Fast forward to 2016 when my Grinchy self had just arrived to Louisville. I drove to Walmart to park there for the night, as I usually did on my trip, aiming to go to bed early and welcome the new year as if it were just another day.
But by 11 p.m. or so, I had woken up to the sound of fireworks. It dawned on me that perhaps I didn’t want to spend New Year’s Eve by myself after all. So I went to the nearby Waffle House on Dixie Highway. It might seem like an odd destination to ring the new year, but I liked the food there and the servers were always nice. Being greeted with “what would you like, sweetie?” is all it takes sometimes.
A minute after sitting down, there was a loud metal screeching and a crash outside. A few of us patrons went out to see what was going on and it was a car accident. The police, firefighters and ambulance arrived right away. Thankfully, no one was seriously hurt.
As I went back in I found that my seat at the counter and the one next to it were taken by a rowdy couple, a man in a cowboy hat and a woman wearing a plastic celebratory tiara. I hadn’t ordered any food yet, and I was seated somewhere else. But I wasn’t too pleased about having to move.
The couple was loud, and I noticed the man was eating his steak with his hand. Perhaps because I wasn’t in the best mood that night, I kept shooting dirty looks toward them, hoping they'd understand and quiet down. They didn't. After they had finished eating and were about to leave, the guy hopped off his stool and I saw that his left arm was missing.
I had only seen his right side when he was seated. To say that I felt like a jerk would be an understatement. The realization of how judgmental and ill-behaved I was made me feel ashamed to the core. I went back to my meal, in silence, head bowed.
Later in the night, after much self reflection and many coffees came the time when I was ready to head back to my camper. I asked for the check. The waitress approached me, smiling. She said: “Don’t worry, it was all taken care of.” I looked at her, confused. She explained that the man in the hat had paid my check and asked her to wish me a happy new year and that, hopefully, the next one would be better.
I was at a loss for words. I choked up even. The man had seen past my grouchy behavior and responded to it with generosity. This random act of kindness by a stranger toward a person who at the time, was not deserving of that kindness always comes to mind.

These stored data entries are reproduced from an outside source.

(* [v (x) v] is [|v|^4] times the square of the normalised vector [v / |v|]. *)
Lemma symsep_cone_ketbra (c : algC) v :
  0 <= c -> symsep_cone (fun p q => c * ketbra (vec2 v) p q).
Proof.
move=> c_ge0; set nv := \sum_i `|v i| ^+ 2.
have nv_ge0 : 0 <= nv by apply: sumr_ge0 => i _; rewrite exprn_ge0.
have [nv0|nv_neq0] := eqVneq nv 0.
  have v0 i : v i = 0.
    move/eqP: nv0; rewrite psumr_eq0 => [/allP/(_ i (mem_index_enum i))|j _].
      by rewrite expf_eq0 normr_eq0 => /andP[_ /eqP].
    by rewrite exprn_ge0.
  by apply: symsep_cone_ext symsep_cone0 => p q; rewrite /ketbra /vec2 !v0 !mul0r mulr0.
set s := sqrtC nv.
have s_neq0 : s != 0 by rewrite sqrtC_eq0.
have s_real : s^* = s by rewrite geC0_conj // sqrtC_ge0.
have s2 : s ^+ 2 = nv by rewrite sqrtCK.
exists 1%N, (fun _ => c * nv ^+ 2), (fun _ i => v i / s); split.
- by move=> _; rewrite mulr_ge0 // exprn_ge0.
- move=> _; rewrite /unitvec.
  under eq_bigr => i _ do rewrite normrM exprMn normfV.
  by rewrite -mulr_suml -/nv exprVn normCK s_real -expr2 s2 mulfV.
move=> p q; rewrite big_ord1 /ketbra /vec2 !rmorphM /= !fmorphV /= s_real -s2.
by field.
Qed.

Lemma optr_ketbra_vec2 v :
  unitvec v -> optr (ketbra (vec2 v)) = 1.
Proof.
rewrite /unitvec /optr => v_unit; rewrite sum_pairE.
transitivity ((\sum_i `|v i| ^+ 2) * (\sum_i `|v i| ^+ 2)); last by rewrite v_unit mulr1.
rewrite mulr_suml; apply: eq_bigr => i _; rewrite mulr_sumr; apply: eq_bigr => j _.
by rewrite /ketbra /vec2 /= !normCK rmorphM /=; ring.
Qed.

End SymSepCone.

Lemma symsep_cone_normalized m (X : op ('I_m * 'I_m)%type) :
  symsep_cone X -> 0 < optr X -> in_sym_sep_hull (opscale (optr X)^-1 X).
Proof.
move=> [K [w [v [w_ge0 v_unit eX]]]] trX_gt0.
have trX : optr X = \sum_k w k.
  rewrite /optr; under eq_bigr => p _ do rewrite eX.
  rewrite exchange_big /=; apply: eq_bigr => k _.
  by rewrite -mulr_sumr -/(optr _) optr_ketbra_vec2 ?mulr1.
exists K, (fun k => (optr X)^-1 * w k), v; split=> //.
- by move=> k; rewrite mulr_ge0 // invr_ge0 ltW.
- by rewrite -mulr_sumr -trX mulVf // lt0r_neq0.
by move=> p q; rewrite /opscale eX mulr_sumr; apply: eq_bigr => k _; rewrite mulrA.
Qed.

Lemma perm_eq_pair (T : eqType) (p1 p2 q1 q2 : T) :
  perm_eq [:: p1; p2] [:: q1; q2] = ((p1, p2) == (q1, q2)) || ((p1, p2) == (q2, q1)).
Proof.
have swap_q : perm_eq [:: q2; q1] [:: q1; q2].
  exact/permPl/(perm_catC [:: q2] [:: q1]).
apply/idP/idP => [pp|/orP[]/eqP[-> ->] //].
have : p1 \in [:: q1; q2] by rewrite -(perm_mem pp) mem_head.
rewrite mem_seq2 => /orP[]/eqP e1.
  by move: pp; rewrite e1 perm_cons => /perm_small_eq-/(_ isT)[->]; rewrite eqxx.
move: pp; rewrite -(permPr swap_q) e1 perm_cons => /perm_small_eq-/(_ isT)[->].
by rewrite eqxx orbT.
Qed.

Lemma sum_expr_prim_root (R : idomainType) n (z : R) e :
  n.-primitive_root z -> \sum_(k < n) z ^+ (e * k) = if (n %| e)%N then n%:R else 0.
Proof.
move=> prim_z; rewrite (prim_order_dvd prim_z); under eq_bigr => k _ do rewrite exprM.
have [/eqP ze1|ze_neq1] := ifPn.
  by rewrite (eq_bigr (fun=> 1)) => [|k _]; rewrite ?sumr_const ?card_ord ?ze1 ?expr1n.
have : (z ^+ e) ^+ n - 1 == 0 by rewrite -exprM mulnC exprM (prim_expr_order prim_z) expr1n subrr.
by rewrite subrX1 mulf_eq0 subr_eq0 (negPf ze_neq1) => /eqP.
Qed.

Lemma conjC_unity_root n (z : algC) : (0 < n)%N -> z ^+ n = 1 -> z^* = z ^+ n.-1.
Proof.
move=> n_gt0 zn1.
have nz1 : `|z| = 1 by apply/eqP; rewrite -(pexpr_eq1 n_gt0) // -normrX zn1 normr1.
have z_neq0 : z != 0 by rewrite -normr_eq0 nz1 oner_neq0.
apply: (mulfI z_neq0); rewrite -exprS prednK // zn1 -normCK nz1.
by rewrite expr1n.
Qed.

Lemma dvdn_add_predn_mul n c1 c2 :
  (c1 < n)%N -> (c2 < n)%N -> (n %| c1 + n.-1 * c2)%N = (c1 == c2).
Proof.
move=> c1_lt c2_lt; have n_gt0 : (0 < n)%N by apply: leq_ltn_trans c1_lt.
rewrite /dvdn -[0%N](mod0n n) -(eqn_modDr c2) add0n -addnA -mulSnr prednK //.
by rewrite mulnC addnC modnMDl !modn_small.
Qed.

Lemma sum_count_mem (I : finType) (s : seq I) (g : I -> nat) :
  (\sum_x count_mem x s * g x = \sum_(y <- s) g y)%N.
Proof.
elim: s => [|y s IHs]; first by rewrite big_nil big1.
rewrite big_cons -IHs.
transitivity (\sum_x ((y == x) * g x + count_mem x s * g x))%N.
  by apply: eq_bigr => x _; rewrite /= mulnDl.
rewrite big_split /= (bigD1 y) //= eqxx mul1n big1 ?addn0 // => x /negPf.
by rewrite eq_sym => ->.
Qed.

Section PhaseAverage.

Variables (I : finType) (n : nat) (z : algC).
Hypotheses (prim_z : n.-primitive_root z) (n_gt2 : (2 < n)%N).

Definition phase_vec (f : {ffun I -> 'I_n}) (a : I) : algC := z ^+ f a.

(* Since [z^* = z ^+ n.-1], the entry [(p, q)] of [|v_f><v_f|^(x)2] is [z] raised to
   [\sum_x pair_exp p q x * f x]. *)
Let pair_exp (p q : I * I) (x : I) : nat :=
  (count_mem x [:: p.1; p.2] + n.-1 * count_mem x [:: q.1; q.2])%N.

Lemma ketbra_phase_vec f p q :
  ketbra (vec2 (phase_vec f)) p q = \prod_x z ^+ (pair_exp p q x * f x).
Proof.
have n_gt0 : (0 < n)%N by apply: leq_trans n_gt2.
rewrite prodrXr; under eq_bigr => x _ do rewrite mulnDl -mulnA.
rewrite big_split -big_distrr !sum_count_mem !big_cons !big_nil !addn0.
rewrite exprD exprM -(conjC_unity_root n_gt0 (prim_expr_order prim_z)).
by rewrite /ketbra /vec2 /phase_vec -!exprD rmorphXn.
Qed.

Lemma sum_ketbra_phase_vec p q :
  \sum_f ketbra (vec2 (phase_vec f)) p q
    = n%:R ^+ #|I| * (perm_eq [:: p.1; p.2] [:: q.1; q.2])%:R.
Proof.
under eq_bigr do rewrite ketbra_phase_vec.
rewrite -(bigA_distr_bigA (fun x (k : 'I_n) => z ^+ (pair_exp p q x * k))) /=.
under eq_bigr do rewrite sum_expr_prim_root //.
(* Counts in a pair are below [n], so [n] divides [pair_exp p q x] iff [x] occurs as
   often in [p] as in [q]. *)
have count_lt x (s : seq I) : size s = 2%N -> (count_mem x s < n)%N.
  by move=> s2; apply: leq_ltn_trans n_gt2; rewrite -s2 count_size.
have [pq|npq] := boolP (perm_eq _ _).
  rewrite mulr1 -prodr_const; apply: eq_bigr => x _.
  by rewrite /pair_exp dvdn_add_predn_mul ?count_lt // (permP pq) eqxx.
have [x _ /= /negPf cx] := allPn npq.
by rewrite mulr0 (bigD1 x) //= /pair_exp dvdn_add_predn_mul ?count_lt // cx mul0r.
Qed.

End PhaseAverage.

Lemma sum_ketbra_basis (I : finType) (p q : I * I) :
  \sum_a ketbra (vec2 (fun i => (i == a)%:R)) p q = ((p == q) && (p == (q.2, q.1)))%:R.
Proof.
case: p q => [p1 p2] [q1 q2]; rewrite /ketbra /vec2 /=.
under eq_bigr do rewrite rmorphM /= !conjC_nat -!natrM.
rewrite -natr_sum (bigD1 p1) //= big1 => [|a /negPf]; last by rewrite eq_sym => ->.
rewrite eqxx addn0 !xpair_eqE mul1n !mulnb; congr (nat_of_bool _)%:R.
by apply/idP/idP => [/and3P[/eqP-> /eqP-> /eqP->]|/and3P[/andP[/eqP<- /eqP<-] /eqP<- _]];
  rewrite !eqxx.
Qed.

Lemma symP_symsep_cone (I : finType) : symsep_cone (@symP I).
Proof.
have [z prim_z] := C_prim_root_exists (isT : (0 < 3)%N).
pose c : algC := (2 * 3%:R ^+ #|I|)^-1.
have c3 : c * 3%:R ^+ #|I| = 2^-1.
  by rewrite /c invfM -mulrA mulVf ?mulr1 // expf_neq0 // pnatr_eq0.
apply: (symsep_cone_ext (Y := fun p q =>
    \sum_a 2^-1 * ketbra (vec2 (fun i => (i == a)%:R)) p q
  + \sum_(f : {ffun I -> 'I_3}) c * ketbra (vec2 (phase_vec z f)) p q)).
  move=> p q; rewrite -!mulr_sumr sum_ketbra_basis (sum_ketbra_phase_vec prim_z) //.
  rewrite mulrA c3 -mulrDr mulrC /symP /opid /swapop.
  case: p q => [p1 p2] [q1 q2]; rewrite perm_eq_pair /= -[(p1 == q2) && _]xpair_eqE.
  by case: (_ == (q1, q2)); case: (_ == (q2, q1)); rewrite /= ?addr0 ?add0r.
apply: symsep_coneD; apply: symsep_cone_sum => t; apply: symsep_cone_ketbra.
  by rewrite invr_ge0 ler0n.
by rewrite invr_ge0 mulr_ge0 ?exprn_ge0 ?ler0n.
Qed.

Five years have passed since then; five new years have rung in (my) Lebanon and then in Ireland where I now live. And not one holiday season passes without remembering Louisville and its gracious cowboy. I hope that I am now living up to the promise I made that night of paying it forward. And wherever this man is, I hope he’s well and I hope he’ll have a great new year. If I’m lucky enough, he might even read this, in which case: “Thank you, sir.”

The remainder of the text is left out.